Not sure what to make of the massive tax overhaul? Don’t worry, you’ve got some time to figure it out.

While most of the changes go into effect this month — and you might see a difference in your paycheck in February — you won’t file your tax return for the 2018 tax year until 2019.

Some people started scrambling before year’s end to boost their charitable giving, prepay property taxes and get in last-minute business expenses to take advantage of deductions that are going away or being reduced. Under the tax law, there’s a $10,000 deduction limit on all of your state and local taxes, including property taxes. Meanwhile, the standard deduction has been increased. It’s going up to $12,000 for individuals, $18,000 for heads of households, and $24,000 for married couples filing jointly. Since more people will likely take the standard deduction, they won’t itemize things such as donations and property taxes.

Like many other tax professionals, Mark F. Astrinos, a CPA and certified financial planner in San Francisco, cautioned against making moves without an overall plan. Tax “planning is not a singular event,” he said. “It’s constantly evolving as a result of tax law, financial markets and changes to your personal situation.”

The professionals’ advice: Start the new year looking at your taxes, not one deduction at a time, but from a comprehensive perspective.

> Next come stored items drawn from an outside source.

(* Let $(A,E,\langle\!\langle-,-\rangle\!\rangle,\partial,[\![-,-]\!])$ be a double Courant--Dorfman algebra. Then for all $e,f,g\in E$ the following identities hold (Sweedler summation understood): $$\begin{aligned}&[\![e,[\![f,g]\!]''_r]\!]'_l\otimes[\![e,[\![f,g]\!]''_r]\!]''_l\otimes[\![f,g]\!]'_r=\partial[\![e,f]\!]'_r\otimes\langle\!\langle g,[\![e,f]\!]''_r\rangle\!\rangle'\otimes\langle\!\langle g,[\![e,f]\!]''_r\rangle\!\rangle''\\&\qquad+[\![f,[\![e,g]\!]'_l]\!]''_r\otimes[\![e,g]\!]''_l\otimes[\![f,[\![e,g]\!]'_l]\!]'_r-[\![e,f]\!]'_l\otimes\langle\!\langle g,\partial[\![e,f]\!]''_l\rangle\!\rangle'\otimes\langle\!\langle g,\partial[\![e,f]\!]''_l\rangle\!\rangle'',\end{aligned}$$ $$\begin{aligned}&[\![e,[\![f,g]\!]''_r]\!]'_r\otimes[\![e,[\![f,g]\!]''_r]\!]''_r\otimes[\![f,g]\!]'_r=[\![e,f]\!]'_r\otimes\partial\langle\!\langle g,[\![e,f]\!]''_r\rangle\!\rangle'\otimes\langle\!\langle g,[\![e,f]\!]''_r\rangle\!\rangle''\\&\qquad+\langle\!\langle f,\partial[\![e,g]\!]'_r\rangle\!\rangle''\otimes[\![e,g]\!]''_r\otimes\langle\!\langle f,\partial[\![e,g]\!]'_r\rangle\!\rangle'-[\![e,f]\!]'_r\otimes[\![g,[\![e,f]\!]''_r]\!]'_l\otimes[\![g,[\![e,f]\!]''_r]\!]''_l,\end{aligned}$$ $$\begin{aligned}&\langle\!\langle e,\partial[\![f,g]\!]''_l\rangle\!\rangle'\otimes\langle\!\langle e,\partial[\![f,g]\!]''_l\rangle\!\rangle''\otimes[\![f,g]\!]'_l=[\![e,f]\!]'_r\otimes\langle\!\langle g,[\![e,f]\!]''_r\rangle\!\rangle'\otimes\partial\langle\!\langle g,[\![e,f]\!]''_r\rangle\!\rangle''\\&\qquad+[\![f,[\![e,g]\!]'_l]\!]''_l\otimes[\![e,g]\!]''_l\otimes[\![f,[\![e,g]\!]'_l]\!]'_l-[\![e,f]\!]'_r\otimes[\![g,[\![e,f]\!]''_r]\!]'_r\otimes[\![g,[\![e,f]\!]''_r]\!]''_r.\end{aligned}$$
   Context: All algebras are associative unital $\Bbbk$-algebras, $\Bbbk$ a field of characteristic zero, $\otimes=\otimes_\Bbbk$. Sweedler notation: $x=x'\otimes x''$ with summation suppressed; $(x'\otimes x'')^\sigma=x''\otimes x'$. Outer structure on $A\otimes A$, $E\otimes A$, $A\otimes E$: $a(x'\otimes x'')b=ax'\otimes x''b$; inner structure on $A\otimes A$: $a*(x'\otimes x'')*b=x'b\otimes ax''$. For $x=x'\otimes x''$ and $y$: $x\otimes_1y:=x'\otimes y\otimes x''$, $y\otimes_1x:=x'\otimes y\otimes x''$. $A$ is an algebra, $E$ an $A$-bimodule, $\partial\colon A\to E$ a derivation, acting on $A\otimes A$ by $\partial(x'\otimes x'')=\partial x'\otimes x''+x'\otimes\partial x''$. A pairing $\langle\!\langle-,-\rangle\!\rangle\colon E\otimes E\to A\otimes A$ is linear with $f\mapsto\langle\!\langle e,f\rangle\!\rangle$ a bimodule map to $(A\otimes A)_{\mathrm{out}}$ and $f\mapsto\langle\!\langle f,e\rangle\!\rangle$ a bimodule map to $(A\otimes A)_{\mathrm{inn}}$; symmetric: $\langle\!\langle e,f\rangle\!\rangle=\langle\!\langle f,e\rangle\!\rangle^\sigma$. Extensions: $\langle\!\langle e,f\otimes a\rangle\!\rangle_L=\langle\!\langle e,f\rangle\!\rangle\otimes a$, $\langle\!\langle e,a\otimes f\rangle\!\rangle_L=0$, $\langle\!\langle e,a\otimes f\rangle\!\rangle_R=a\otimes\langle\!\langle e,f\rangle\!\rangle$, $\langle\!\langle e,f\otimes a\rangle\!\rangle_R=0$, $\langle\!\langle e\otimes a,f\rangle\!\rangle_L=\langle\!\langle a\otimes e,f\rangle\!\rangle_R=\langle\!\langle e,f\rangle\!\rangle'\otimes a\otimes\langle\!\langle e,f\rangle\!\rangle''$, $\langle\!\langle a\otimes e,f\rangle\!\rangle_L=\langle\!\langle e\otimes a,f\rangle\!\rangle_R=0$. A double Courant--Dorfman bracket is a linear map $[\![-,-]\!]\colon T_AE\otimes T_AE\to T_AE\otimes T_AE$ of degree $-1$ ($T_AE$ the tensor algebra, $E$ in degree 1) with $[\![e,a]\!]=\langle\!\langle e,\partial a\rangle\!\rangle$, $[\![a,e]\!]=-\langle\!\langle\partial a,e\rangle\!\rangle$, $[\![a,b]\!]=0$; for $e,f\in E$, $[\![e,f]\!]=[\![e,f]\!]_l+[\![e,f]\!]_r\in E\otimes A\oplus A\otimes E$ with $[\![e,f]\!]_l=[\![e,f]\!]'_l\otimes[\![e,f]\!]''_l$, $[\![e,f]\!]_r=[\![e,f]\!]'_r\otimes[\![e,f]\!]''_r$. Extensions: $[\![e,f\otimes a]\!]_L=[\![e,f]\!]\otimes a$, $[\![e,a\otimes f]\!]_L=\langle\!\langle e,\partial a\rangle\!\rangle\otimes f$, $[\![e,f\otimes a]\!]_R=f\otimes\langle\!\langle e,\partial a\rangle\!\rangle$, $[\![e,a\otimes f]\!]_R=a\otimes[\![e,f]\!]$, $[\![e\otimes a,f]\!]_L=[\![e,f]\!]\otimes_1a+\langle\!\langle e,f\rangle\!\rangle\otimes_1\partial a$, $[\![a\otimes e,f]\!]_L=-\langle\!\langle\partial a,f\rangle\!\rangle\otimes_1e$. A double Courant--Dorfman algebra is $(A,E,\langle\!\langle-,-\rangle\!\rangle,\partial,[\![-,-]\!])$ with symmetric pairing, derivation and double Courant--Dorfman bracket such that for all $a,b\in A$, $e,f,g\in E$: $\partial\langle\!\langle e,f\rangle\!\rangle=[\![e,f]\!]+[\![f,e]\!]^\sigma$; $[\![\partial a,e]\!]=0$; $\langle\!\langle\partial a,\partial b\rangle\!\rangle=0$; $[\![e,fa]\!]=[\![e,f]\!]a+f\langle\!\langle e,\partial a\rangle\!\rangle$; $[\![e,af]\!]=a[\![e,f]\!]+\langle\!\langle e,\partial a\rangle\!\rangle f$; $[\![e,[\![f,g]\!]]\!]_L=[\![f,[\![e,g]\!]]\!]_R+[\![[\![e,f]\!],g]\!]_L$; $\langle\!\langle e,\partial\langle\!\langle f,g\rangle\!\rangle\rangle\!\rangle_L=\langle\!\langle f,[\![e,g]\!]\rangle\!\rangle_R+\langle\!\langle[\![e,f]\!],g\rangle\!\rangle_L$. *)

(* Tensor products over k are modelled as formal sums
   (sequences of pure tensors) modulo the universal-property equivalence:
   two formal sums are equal in U (x) V iff every k-bilinear map out of
   U x V takes the same value on them (resp. trilinear for triple tensors). *)
From HB Require Import structures.
From mathcomp Require Import all_boot all_order all_algebra.
Set Implicit Arguments.
Unset Strict Implicit.
Unset Printing Implicit Defensive.
Import Order.TTheory GRing.Theory Num.Theory.
Local Open Scope ring_scope.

“Tax decisions shouldn’t be made in a vacuum,” said Cari Weston, director of tax practice and ethics for the American Institute of CPAs. “Tax-planning moves should be part of a larger financial plan. It may make good sense to make payments now to accelerate a tax deduction, but if the family is struggling to pay basic expenses or anticipates a need for those funds in the near term, I would suggest against it.”

For instance, there are seven new income tax brackets: 10 percent, 12 percent, 22 percent, 24 percent, 32 percent, 35 percent and 37 percent.

“Changes to the tax brackets could mean you should file a new W-4 to adjust (payroll) withholdings,” said Brooke A. Salvini, a CPA and CFP based in Avila Beach, California.

If your tax rate is decreasing, consider changing your withholdings so you can get more of your money throughout the year. Then, if you’ve got debt, use the extra funds in your paycheck to pay it down and save on interest payments.